Rather than trying to discuss this "in theory" --- What are your energy requirements? Volts, amps, Amp*Hours, Watt*Hours, etc.? What are your other requirements (space, weight, cost, etc.)?

A guy playing around with some submarine batteries:

https://www.youtube.com/watch?v=j25dh7w48Xs

The premise of the video is demonstrating "ball lighting"--However, from my limited understanding, this is not ball lighting, just lots of hot metal and some plasma (such as you get from welding). Still exciting.

-Bill

Wbuffetjr1 · January 2020

Thanks Bill!

I currently have a remote location three strings of golf cart batteries for a total of 48V and 690 AH. I bought them as my initial set to learn on and tear up. They are performing perfectly! They may actually last longer than I really want them to. I run a 1HP pump off a timer from them everyday. If we have a snow storm we can almost run the pump two full days before we hit the auto disconnect set conservatively at ~70% SOC. With one full sun day we can pretty much be back to 100% the following day. I would like to be able to run for more days before we auto disconnect. Ideally, I would go with a set of the Trojan industrial 4V batteries with an AH rating close to 1,200 AH. I will also add a few more panels to make sure my charge rate is still acceptable. Space and weight are no issue.

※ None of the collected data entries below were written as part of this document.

Lemma hamming_TC_A_gt x y : size x = size y -> (size x <= n)%N -> x != y ->
  (r * (size x - split_at x y) < (r + s) * hamming (TC_A A x) (TC_A A y))%N.
Proof.
move=> xy xn neq; have few_vanishing := count_vanishing_blocks_lt xy xn neq.
have [_ t_lt _] := split_at_spec xy neq.
rewrite hamming_TC_A //; set Z := block_all _ _ in few_vanishing *.
set t := split_at x y in t_lt few_vanishing *.
apply: leq_trans (leq_mul (leqnn (r + s)) (count_iota_suffix (predC Z) (ltnW t_lt))).
have := count_predC Z (iota t (size x - t)); rewrite size_iota => /(congr1 (muln (r + s))).
rewrite mulnDr => split_L.
rewrite -(ltn_add2l ((r + s) * count Z (iota t (size x - t)))) split_L.
rewrite [((r + s) * (size x - t))%N]mulnDl.
by rewrite [X in (X < _)%N]addnC ltn_add2l.
Qed.

End TreeCode.

Lemma tc_distance_gt (R : realType) (S G : eqType) n (TC : seq S -> seq G)
    (a b : nat) (s0 s1 : S) :
  (0 < n)%N -> (0 < b)%N -> s0 != s1 ->
  (forall x y, size x = size y -> (size x <= n)%N -> x != y ->
     (a * (size x - split_at x y) < b * hamming (TC x) (TC y))%N) ->
  a%:R / b%:R < tc_distance R n TC.
Proof.
move=> n0 b0 s01 hamming_gt; have bn0 : (0 : R) < (b * n)%:R by rewrite ltr0n muln_gt0 b0.
apply: (@lt_le_trans _ _ ((a * n).+1%:R / (b * n)%:R)).
  rewrite ltr_pdivlMr // natrM mulrA divfK ?pnatr_eq0 -?lt0n //.
  by rewrite -natrM ltr_nat.
apply: lb_le_inf.
  by eexists; exists [:: s0], [:: s1]; split; rewrite // eqseq_cons (negbTE s01).
move=> _ [x [y [xy xn neq ->]]]; have [_ t_lt _] := split_at_spec xy neq.
have := hamming_gt x y xy xn neq; move: (hamming _ _) => h.
have L0 : (0 : R) < (size x - split_at x y)%:R by rewrite ltr0n subn_gt0.
rewrite ler_pdivlMr // mulrAC ler_pdivrMr // -!natrM ler_nat.
have := leq_subr (split_at x y) (size x); move: (size x - _)%N => L Lx.
move=> aL_bh; apply: (@leq_trans ((a * L).+1 * n)).
  by rewrite !mulSn mulnAC leq_add2r (leq_trans Lx xn).
by rewrite mulnA leq_mul2r (mulnC h) aL_bh orbT.
Qed.

Lemma one_sub_ln_ratio (R : realType) (q : R) (s r : nat) : 1 < q -> (0 < r + s)%N ->
  1 - ln (q ^+ s) / ln (q ^+ (r + s)) = r%:R / (r + s)%:R.
Proof.
move=> q1 rs0; have lnq : ln q != 0 by rewrite gt_eqF // ln_gt0.
have rs : (r + s)%:R != 0 :> R by rewrite pnatr_eq0 -lt0n.
rewrite !lnXn ?(lt_trans ltr01 q1) // -!(mulr_natr (ln q)) invfM mulrACA mulfV // mul1r.
by apply: (mulIf rs); rewrite mulrBl !divfK // mul1r natrD addrK.
Qed.

Theorem theorem2p6 (R : realType) (F : finFieldType) (n r s : nat)
    (A : 'M[F]_((r + s) * n)) :
  (0 < n)%N -> (0 < r)%N -> (0 < s)%N ->
  lower_triangular A -> totally_non_singular A ->
  [/\ is_truncated_tree_code n (@TC_A F n s r A),
      is_MDS R n (@TC_A F n s r A) &
      (r%:R / (r + s)%:R : R) < tc_distance R n (@TC_A F n s r A)].
Proof.
move=> n0 _ s0 lower_A tns_A.
have rs0 : (0 < r + s)%N by rewrite addn_gt0 s0 orbT.
have s01 : (0 : 'rV[F]_s) != const_mx 1.
  by apply/eqP => /rowP/(_ (Ordinal s0)); rewrite !mxE => /eqP; rewrite eq_sym oner_eq0.
have dist := tc_distance_gt R n0 rs0 s01 (hamming_TC_A_gt lower_A tns_A).
split=> //; first exact: TC_A_tree_code.
have F1 : (1 : R) < #|F|%:R by rewrite ltr1n card_finNzRing_gt1.
by rewrite /is_MDS !card_mx !mul1n !natrX one_sub_ln_ratio.
Qed.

So, would you be concerned about running a 20 or 30 amp load (currently always less than 20, would just like to be capable of 30 if needed) thru a single string of 4V ~1200AH batteries? If two strings would be better I would go with a different battery to make two strings work out correctly to be close to the same AH rating.

Marc Kurth · January 2020

mike95490 said:

Yes, it is easier on the batteries..............

..............................................................

Mike,

Help me to understand your logic. Pulling a 30 amp load from three strings of 230 ah each, vs pulling 30 amps from a single string of 690 ah batteries equates to the same percentage of load vs. capacity. In essence, it is the same load per battery.

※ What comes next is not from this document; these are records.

Lemma vrep_unique (F : finFieldType) (theta : {rmorphism F -> F}) n (e : F)
    (f : {poly F}) (c : 'rV[F]_n) :
  in_lideal theta n e (f - vpoly c) -> vrep theta n e f = c.
Proof.
case: n c => [|n] c [q eq_q]; first by apply/rowP => -[].
have [q' eq_q'] := vrep_spec theta e (ltn0Sn n) f.
have eq_c : vpoly c - vpoly (vrep theta n.+1 e f) = skew_mul theta (q' - q) ('X^(n.+1) - e%:P).
  by rewrite skew_mulBl -eq_q -eq_q'; ring.
have q0 := vpoly_lideal_factor_eq0 (ltn0Sn n) (etrans (vpolyB _ _) eq_c).
by move: eq_c; rewrite q0 skew_mul0l => /eqP; rewrite subr_eq0 => /eqP/vpoly_inj.
Qed.

Lemma vrep_Xn (F : finFieldType) (theta : {rmorphism F -> F}) n (e : F) (k : 'I_n) :
  vrep theta n e 'X^k = \row_(l < n) (k == l)%:R.
Proof. by apply: vrep_unique; exists 0; rewrite vpoly_delta subrr skew_mul0l. Qed.

Section ScalingEquivalence.
Variables (F : finFieldType) (n : nat) (d : 'I_n -> F).
Hypothesis d_neq0 : forall i, d i != 0.

Lemma scalevK : cancel (scalev d) (scalev (fun i => (d i)^-1)).
Proof. by move=> u; apply/rowP => i; rewrite !mxE mulrA mulVf ?mul1r. Qed.

Lemma scalevKV : cancel (scalev (fun i => (d i)^-1)) (scalev d).
Proof. by move=> u; apply/rowP => i; rewrite !mxE mulrA mulfV ?mul1r. Qed.

Lemma scalev_inj : injective (scalev d).
Proof. exact: can_inj scalevK. Qed.

Lemma scalevB (u v : 'rV[F]_n) : scalev d (u - v) = scalev d u - scalev d v.
Proof. by apply/rowP => i; rewrite !mxE mulrBr. Qed.

Lemma wH_scalev (u : 'rV[F]_n) : wH (scalev d u) = wH u.
Proof. by apply: eq_card => i; rewrite !inE mxE mulf_eq0 negb_or d_neq0. Qed.

Variables (C1 C2 : pred 'rV[F]_n).
Hypothesis C2_scalev : forall u, C2 (scalev d u) = C1 u.

Lemma scalev_onto w : C2 w -> exists2 u, C1 u & w = scalev d u.
Proof. by move=> C2w; exists (scalev (fun i => (d i)^-1) w); rewrite -?C2_scalev scalevKV. Qed.

Lemma card_weight_scalev k :
  #|[set u | C1 u & wH u == k]| = #|[set u | C2 u & wH u == k]|.
Proof.
have -> : [set u | C2 u & wH u == k] = scalev d @: [set u | C1 u & wH u == k].
  apply/setP => w; apply/idP/imsetP => [|[u]]; rewrite !inE.
    case/andP=> /scalev_onto[u C1u ->]; rewrite wH_scalev => wk.
    by exists u; rewrite // inE C1u.
  by case/andP=> C1u wk ->; rewrite C2_scalev C1u wH_scalev.
by rewrite card_imset //; apply: scalev_inj.
Qed.

(* [reindex] on a big minn needs minn to be a commutative law. *)
HB.instance Definition _ := SemiGroup.isComLaw.Build nat minn minnA minnC.

Lemma dmin_scalev : dmin C1 = dmin C2.
Proof.
have scalev_bij : bijective (scalev d) by exists (scalev (fun i => (d i)^-1));
  [exact: scalevK | exact: scalevKV].
rewrite /dmin [RHS](reindex (scalev d) (onW_bij _ scalev_bij)) /=.
apply: eq_big => [u | u _]; first by rewrite C2_scalev.
rewrite [RHS](reindex (scalev d) (onW_bij _ scalev_bij)) /=.
apply: eq_big => [v | v _]; first by rewrite C2_scalev (inj_eq scalev_inj).
by rewrite -scalevB wH_scalev.
Qed.

End ScalingEquivalence.

Section RightMultiplicationByConstant.
Variables (F : finFieldType) (theta : {rmorphism F -> F}) (n : nat) (a b : F).
Hypothesis b_neq0 : b != 0.
Local Notation "f ** g" := (skew_mul theta f g) (at level 40, left associativity).
Local Notation ahat := (a * b * iter n theta b^-1).
Local Notation d := (fun i : 'I_n => iter i theta b).

Lemma vrep_skew_mulC (f : {poly F}) :
  vrep theta n ahat (f ** b%:P) = scalev d (vrep theta n a f).
Proof.
case: n => [|m]; first by apply/rowP => -[].
apply: vrep_unique; have [q eq_q] := vrep_spec theta a (ltn0Sn m) f.
exists (q ** (iter m.+1 theta b)%:P).
by rewrite -vpoly_skew_mulC -skew_mulBl eq_q skew_mulAC skew_mul_modulusC // skew_mulCA.
Qed.

Lemma Mtheta_C : Mtheta theta n ahat b%:P = diag_mx (\row_(i < n) d i).
Proof.
apply/matrixP => i j; rewrite !mxE vrep_skew_mulC mxE vrep_Xn !mxE.
by case: eqP => [->|]; rewrite ?mulr1 ?mulr0 ?mulr0n.
Qed.

Lemma Mtheta_skew_mulC (f : {poly F}) :
  Mtheta theta n ahat (f ** b%:P) = Mtheta theta n a f *m Mtheta theta n ahat b%:P.
Proof.
rewrite Mtheta_C mul_mx_diag; apply/matrixP => i j.
by rewrite !mxE -skew_mulAC vrep_skew_mulC mxE mulrC.
Qed.

Lemma right_divisor_skew_mulC (g h : {poly F}) : 'X^n - a%:P = h ** g ->
  'X^n - ahat%:P = ((iter n theta b)^-1 *: h) ** (g ** b%:P).
Proof.
move=> eq_hg; rewrite skew_mulZl -skew_mulAC -eq_hg skew_mul_modulusC //.
by rewrite skew_mulCl scalerA mulVf ?iter_theta_eq0 ?scale1r.
Qed.

Lemma skew_code_skew_mulC (g : {poly F}) (u : 'rV[F]_n) :
  skew_code theta n ahat (g ** b%:P) (scalev d u) = skew_code theta n a g u.
Proof.
apply/asboolP/asboolP => -[r eq_u]; exists r; last first.
  by rewrite eq_u -skew_mulAC vrep_skew_mulC.
move: eq_u; rewrite -skew_mulAC vrep_skew_mulC; apply: scalev_inj => i.
by rewrite iter_theta_eq0.
Qed.

End RightMultiplicationByConstant.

Not saying that you are wrong - just can't see it. If anything, I would think that realistically one of the three strings would end up carrying slightly more load and therefore become taxed more. I suspect that I am missing something.

Marc

BB. · January 2020

More or less, a leisurely discharge rate is C/20 hour:

690 AH / 20 Hour rate = 34.5 Amps (over 20 hours, in reality, discharge to 50% in 10 hours of continuous discharge)

Of course, with 3x parallel strings, each would be carrying ~11.x amps each...

A heavy discharge rate would be C/8 hours:

690 AH / 8 Hour rate = 86.25 amps for less than 4 hours (to 50% state of charge)

For "typical" deep cycle batteries that are full time off grid, 10% to 13% (to as high as 20%) Rate of charge (20 hour capacity) is usually the minimum.

For "industrial" type deep cycle batteries (forklift, traction, etc.), then you really should look at 13%+ rate of charge (20 hour capacity). The forklift type battery tends to be less efficient (higher self discharge) than other batteries. And many of those class of batteries have less space (volume) above the plates (and use more water)--So you would have to be very diligent checking electrolyte levels.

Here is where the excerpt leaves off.